══ Records to use
Lemma sum_probability_fibers_le1 (g : T -> nat) :
  (forall n, measurable (g @^-1` [set n])) ->
  (\sum_(n <oo) P (g @^-1` [set n]) <= 1)%E.
Proof.
move=> mg.
have tg : trivIset setT (fun n => g @^-1` [set n]).
  apply/trivIsetP => i j _ _ ij; apply/seteqP; split => // w [/= gi gj].
  by move: ij; rewrite -gi -gj eqxx.
have := measure_bigcup P setT (fun n => g @^-1` [set n]) (fun n _ => mg n) tg.
rewrite (eq_eseriesl _ (Q := xpredT)); last by move=> n; rewrite in_setT.
by move=> <-; apply: probability_le1; exact: bigcupT_measurable.
Qed.

Lemma prob_dist_add_le (X Y : {RV P >-> R}) (r e q v : R) :
  indep_rv P X Y -> 0 < e ->
  (forall u, (P (X @^-1` [set x | (`|x - u| <= r + e)%R]) <= q%:E)%E) ->
  (P [set w | (`|X w + Y w - v| <= r)%R] <= q%:E)%E.
Proof.
move=> indXY e_gt0 hX.
have e2_gt0 : 0 < e *+ 2 by rewrite mulrn_wgt0.
pose C n := Y @^-1` (cell (e *+ 2) @^-1` [set n]).
(* If Y w lies in the cell [lo, lo + 2e[ and |X w + Y w - v| <= r, then
   X w is within r + e of v - lo - e. *)
pose J n := [set x | `|x - (v - cell_lo (e *+ 2) n - e)| <= r + e].
have mC n : measurable (C n) by exact: measurable_funPTI (measurable_cell e2_gt0 n).
have mJ n : measurable (J n) by rewrite /J set_distr_le; exact: measurable_itv.
have mE : measurable [set w | `|X w + Y w - v| <= r].
  have -> : [set w | `|X w + Y w - v| <= r] =
      (fun w => X w + Y w) @^-1` `[v - r, v + r] by rewrite -set_distr_le.
  rewrite -[X in measurable X]setTI.
  by apply: (measurable_funD _ _ measurableT (measurable_itv _)); exact: measurable_funP.
have cover : [set w | `|X w + Y w - v| <= r] `<=` \bigcup_n (X @^-1` J n `&` C n).
  move=> w /=; rewrite ler_distl => /andP[lo hi].
  exists (cell (e *+ 2) (Y w)) => //; split => //=.
  have /andP[] := cell_loP e2_gt0 (Y w); rewrite /J /= ler_distl mulr2n => ? ?.
  by apply/andP; split; lra.
have mXJC n : measurable (X @^-1` J n `&` C n).
  exact: measurableI (measurable_funPTI X (mJ n)) (mC n).
apply: (le_trans (measure_sigma_subadditive P mXJC mE cover)).
apply: (@le_trans _ _ (\sum_(0 <= n <oo) (q%:E * P (C n)))%E).
  apply: lee_nneseries => [n _ _|n _]; first exact: measure_ge0.
  apply: (@le_trans _ _ (P (X @^-1` J n) * P (C n))%E).
    rewrite le_eqVlt; apply/orP; left; apply/eqP.
    by apply: indXY; [exact: mJ | exact: measurable_cell].
  by apply: lee_wpmul2r; [exact: measure_ge0|exact: hX].
have q_ge0 : 0 <= q by rewrite -lee_fin (le_trans (measure_ge0 P (X @^-1` J 0%N))) ?hX.
rewrite nneseriesZl; last by move=> n _; exact: measure_ge0.
rewrite -[leRHS]mule1; apply: lee_wpmul2l; first by rewrite lee_fin.
exact: sum_probability_fibers_le1.
Qed.

End independent_sum.
Arguments prob_dist_add_le {d T R P X Y r e q v}.

Section symmetric_unimodal_law.
Context {R : realType} (mu : probability R R) (f : R -> R) (c : R).
Hypotheses (f_ge0 : forall x, 0 <= f x) (mf : measurable_fun setT f).
Hypothesis mu_density : forall A, measurable A ->
  mu A = (\int[lebesgue_measure]_(x in A) (f x)%:E)%E.
Hypothesis f_sym : forall x, f (c + x) = f (c - x).
Hypothesis f_incr : forall x y, x <= y -> y <= c -> f x <= f y.

Lemma density_dist x : f x = f (c - `|x - c|).
Proof.
have [xc|xc] := leP c x.
  by rewrite ger0_norm ?subr_ge0 // -f_sym subrKC.
by rewrite ltr0_norm ?subr_lt0 // opprB subKr.
Qed.

Lemma le_density_dist x y : `|x - c| <= `|y - c| -> f y <= f x.
Proof.
move=> xy; rewrite (density_dist x) (density_dist y).
have cx_ge0 := normr_ge0 (x - c).
by apply: f_incr; lra.
Qed.

Lemma mass_le (S : set R) (t : R) : measurable S -> 0 <= t ->
  (forall x, S x -> f x <= t) -> (mu S <= t%:E * lebesgue_measure S)%E.
Proof.
move=> mS t_ge0 ft; rewrite mu_density // -integral_cst //.
apply: ge0_le_integral => //; first by move=> x _; rewrite lee_fin.
exact/measurable_EFinP/measurable_funTS.
Qed.

Lemma mass_ge (S : set R) (t : R) : measurable S -> 0 <= t ->
  (forall x, S x -> t <= f x) -> (t%:E * lebesgue_measure S <= mu S)%E.
Proof.
move=> mS t_ge0 ft; rewrite mu_density // -integral_cst //.
by apply: ge0_le_integral => //; exact/measurable_EFinP/measurable_funTS.
Qed.

Lemma mass_reflect (A : set R) : measurable A ->
  mu ((fun x => 2 * c - x) @^-1` A) = mu A.
Proof.
move=> mA; have mrA : measurable ((fun x => 2 * c - x) @^-1` A).
  by rewrite -[X in measurable X]setTI; exact: measurable_fun_reflect.
rewrite !mu_density // [RHS](ge0_integral_reflect (2 * c)) //.
apply: eq_integral => x _; congr (_%:E).
by rewrite (density_dist x) (density_dist (2 * c - x)) -normrN; congr (f (c - `|_|)); lra.
Qed.

Lemma mass_dist_le_center (u s : R) : 0 <= s ->
  (mu [set x | (`|x - u| <= s)%R] <= mu [set x | (`|x - c| <= s)%R])%E.
Proof.
move=> s_ge0; set I := [set x | `|x - u| <= s]; set J := [set x | `|x - c| <= s].
have mI : measurable I by rewrite /I set_distr_le; exact: measurable_itv.
have mJ : measurable J by rewrite /J set_distr_le; exact: measurable_itv.
apply: le_measure_setD => //.
have lamIJ : lebesgue_measure (I `\` J) = lebesgue_measure (J `\` I).
  apply: measure_setD_sym => //=; rewrite !lebesgue_measure_distr_le //.
  exact: ltry.
(* f >= f (c - s) on J, f <= f (c - s) off J, and I \ J, J \ I have equal length. *)
have dist_cs : `|c - s - c| = s by rewrite addrAC subrr add0r normrN ger0_norm.
apply: (le_trans (mass_le _ _ (measurableD mI mJ) (f_ge0 (c - s)) _)).
  move=> x [_ /negP]; rewrite -ltNge => sx.
  by apply: le_density_dist; rewrite dist_cs ltW.
rewrite lamIJ; apply: mass_ge _ _ (measurableD mJ mI) (f_ge0 _) _ => x [xs _].
by apply: le_density_dist; rewrite dist_cs.
Qed.

Lemma no_mass_gap (A C : set R) (x y t : R) :
  measurable A -> measurable C -> x < y ->
  A `&` `]x, y[ = set0 -> (A `|` `]x, y[) `&` C = set0 ->
  (forall z, x < z < y -> t <= f z) -> (forall z, C z -> f z <= t) ->
  ((2^-1)%:E <= mu A)%E -> ((2^-1)%:E <= mu C)%E -> False.
Proof.
move=> mA mC xy AG AGC f_gap f_C muA muC.
have gap0 : mu `]x, y[%classic = 0%E.
  exact: probability_between_halves mA (measurable_itv _) mC AG AGC muA muC.
have t_le0 : t <= 0.
  rewrite leNgt; apply/negP => t_gt0.
  have := mass_ge _ _ (measurable_itv `]x, y[) (ltW t_gt0) (fun z => f_gap z).
  rewrite gap0 lebesgue_measure_itv /= lte_fin xy -EFinD -EFinM lee_fin => ?; nra.
have := mass_le _ _ mC (lexx 0) (fun z Cz => le_trans (f_C z Cz) t_le0).
by rewrite mul0e => /(le_trans muC); rewrite lee_fin; lra.
Qed.

Lemma center_le_of_half m : ((2^-1)%:E <= mu [set x | (x <= m)%R])%E -> c <= m.
Proof.
move=> muA; rewrite leNgt; apply/negP => mc.
have dist_m : `|m - c| = c - m by rewrite distrC ger0_norm // subr_ge0 ltW.
have C_refl : [set x | 2 * c - m <= x] = (fun x => 2 * c - x) @^-1` [set x | x <= m].
  by apply/seteqP; split => x /=; lra.
apply: (@no_mass_gap [set x | x <= m] [set x | 2 * c - m <= x] m (2 * c - m) (f m)).
- by rewrite -set_itvNyc; exact: measurable_itv.
- by rewrite -set_itvcy; exact: measurable_itv.
- lra.
- by apply/seteqP; split => // z [/= zm]; rewrite in_itv /=; lra.
- by apply/seteqP; split => // z [[/= zm|/=]]; rewrite ?in_itv /=; lra.
- move=> z mz; apply: le_density_dist; rewrite dist_m ler_norml; lra.
- move=> z /= zC; apply: le_density_dist; rewrite dist_m.
  by apply: le_trans (ler_norm _); lra.
- exact: muA.
- by rewrite C_refl mass_reflect // -set_itvNyc; exact: measurable_itv.
Qed.

Lemma median_eq_center m : ((2^-1)%:E <= mu [set x | (x <= m)%R])%E ->
  ((2^-1)%:E <= mu [set x | (m <= x)%R])%E -> m = c.
Proof.
move=> le_m ge_m; apply/le_anti; rewrite (center_le_of_half _ le_m) andbT.
suff : c <= 2 * c - m by lra.
apply: center_le_of_half; rewrite -mass_reflect; last first.
  by rewrite -set_itvNyc; exact: measurable_itv.
by rewrite (_ : _ @^-1` _ = [set x | m <= x]) //; apply/seteqP; split => x /=; lra.
Qed.

Lemma le_radius_of_halves s a : 0 <= s ->
  ((2^-1)%:E <= mu [set x | (`|x - c| <= s)%R])%E ->
  ((2^-1)%:E <= mu [set x | (a <= `|x - c|)%R])%E -> a <= s.
Proof.
move=> s_ge0 muA muC; rewrite leNgt; apply/negP => sa.
have dist_a : `|c + a - c| = a by rewrite addrAC subrr add0r ger0_norm //; lra.
have C_itv : [set x | a <= `|x - c|] = ~` `]c - a, c + a[%classic.
  by apply/seteqP; split => x /=; rewrite in_itv /= -ltr_distl leNgt => /negP.
apply: (@no_mass_gap _ _ (c + s) (c + a) (f (c + a)) _ _ _ _ _ _ _ muA muC).
- by rewrite set_distr_le; exact: measurable_itv.
- by rewrite C_itv; exact: measurableC (measurable_itv _).
- lra.
- apply/seteqP; split => // z [/=]; rewrite ler_distl in_itv /=; lra.
- apply/seteqP; split => // z [[/=|/=]].
    by move=> zs za; lra.
  rewrite in_itv /= => /andP[sz za]; rewrite ger0_norm; lra.
- move=> z /andP[sz za]; apply: le_density_dist; rewrite dist_a ger0_norm; lra.
- by move=> z /= zC; apply: le_density_dist; rewrite dist_a.
Qed.

End symmetric_unimodal_law.
Arguments mass_dist_le_center {R mu f c}.
Arguments median_eq_center {R mu f c}.
Arguments le_radius_of_halves {R mu f c}.
Lemma ldet_patch_succ_le P Q n (m : 'I_K) :
  (forall j, 0 <= P j) -> (forall j, 0 <= Q j) -> 0 < Q m -> (m < n)%N ->
  ldet (patch P Q m.+1) n - ldet (patch P Q m) n <= (P m - Q m + e m) / Q m.
Proof.
move=> P_ge0 Q_ge0 Qm_gt0 mn.
have patch_ge0 k j : 0 <= patch P Q k j by rewrite /patch; case: ifP.
set S := fun j : 'I_K => (j < n)%N; have Sm : S m := mn.
rewrite /ldet !(Re_det_gramD1 (patch_ge0 _) Sm).
have patchE : {in predD1 S m, patch P Q m.+1 =1 patch P Q m}.
  by move=> j /andP[jm _]; rewrite /patch ltnS leq_eqVlt (inj_eq val_inj) (negbTE jm).
rewrite (eq_gram _ (fun=> erefl) patchE) /patch ltnSn ltnn -/(patch P Q m).
set D := complex.Re _; set t := complex.Re _.
have D_gt0 : 0 < D := lt_le_trans ltr01 (Re_det_gram_ge1 (patch_ge0 m) _).
have t_ge0 : 0 <= t := lec_Re (qform_invgram_ge0 H (patch_ge0 m) (predD1 S m) (h m)).
have et_ge1 : 1 <= e m * t.
  have r_orth j : predD1 S m j -> r m *m adjmx (h j) = 0.
    by case/andP=> jm _; rewrite r_dual (negbTE jm) mulr0n raddf0.
  have r_one : r m *m adjmx (h m) = 1%:M by rewrite r_dual eqxx.
  have := qform_invgram_ge (patch_ge0 m) r_orth r_one.
  rewrite -[sqnorm _](ger0_ReK (sqnorm_ge0 _)).
  rewrite -[qform _ _](ger0_ReK (qform_invgram_ge0 _ (patch_ge0 m) _ _)).
  by rewrite -rmorphM -[1]/(1%:C) lecR.
have lnD1 (p : R) : 0 <= p -> ln (D * (1 + p * t)) = ln D + ln (1 + p * t).
  by move=> p_ge0; rewrite lnM ?posrE // (ltr_wpDr (mulr_ge0 p_ge0 t_ge0) ltr01).
rewrite !lnD1 ?(ltW Qm_gt0) // opprD addrACA subrr add0r.
exact: ln_ratio_le (Re_sqnorm_ge0 _) et_ge1.
Qed.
════
Directions -> Transcribe the records above exactly, beginning at the line that contains "Section symmetric_unimodal_law." and ending with the line that contains "Lemma mass_le (S", both included, and nothing else.

Solution for this exercise ->
Section symmetric_unimodal_law.
Context {R : realType} (mu : probability R R) (f : R -> R) (c : R).
Hypotheses (f_ge0 : forall x, 0 <= f x) (mf : measurable_fun setT f).
Hypothesis mu_density : forall A, measurable A ->
  mu A = (\int[lebesgue_measure]_(x in A) (f x)%:E)%E.
Hypothesis f_sym : forall x, f (c + x) = f (c - x).
Hypothesis f_incr : forall x y, x <= y -> y <= c -> f x <= f y.

Lemma density_dist x : f x = f (c - `|x - c|).
Proof.
have [xc|xc] := leP c x.
  by rewrite ger0_norm ?subr_ge0 // -f_sym subrKC.
by rewrite ltr0_norm ?subr_lt0 // opprB subKr.
Qed.

Lemma le_density_dist x y : `|x - c| <= `|y - c| -> f y <= f x.
Proof.
move=> xy; rewrite (density_dist x) (density_dist y).
have cx_ge0 := normr_ge0 (x - c).
by apply: f_incr; lra.
Qed.

Lemma mass_le (S : set R) (t : R) : measurable S -> 0 <= t ->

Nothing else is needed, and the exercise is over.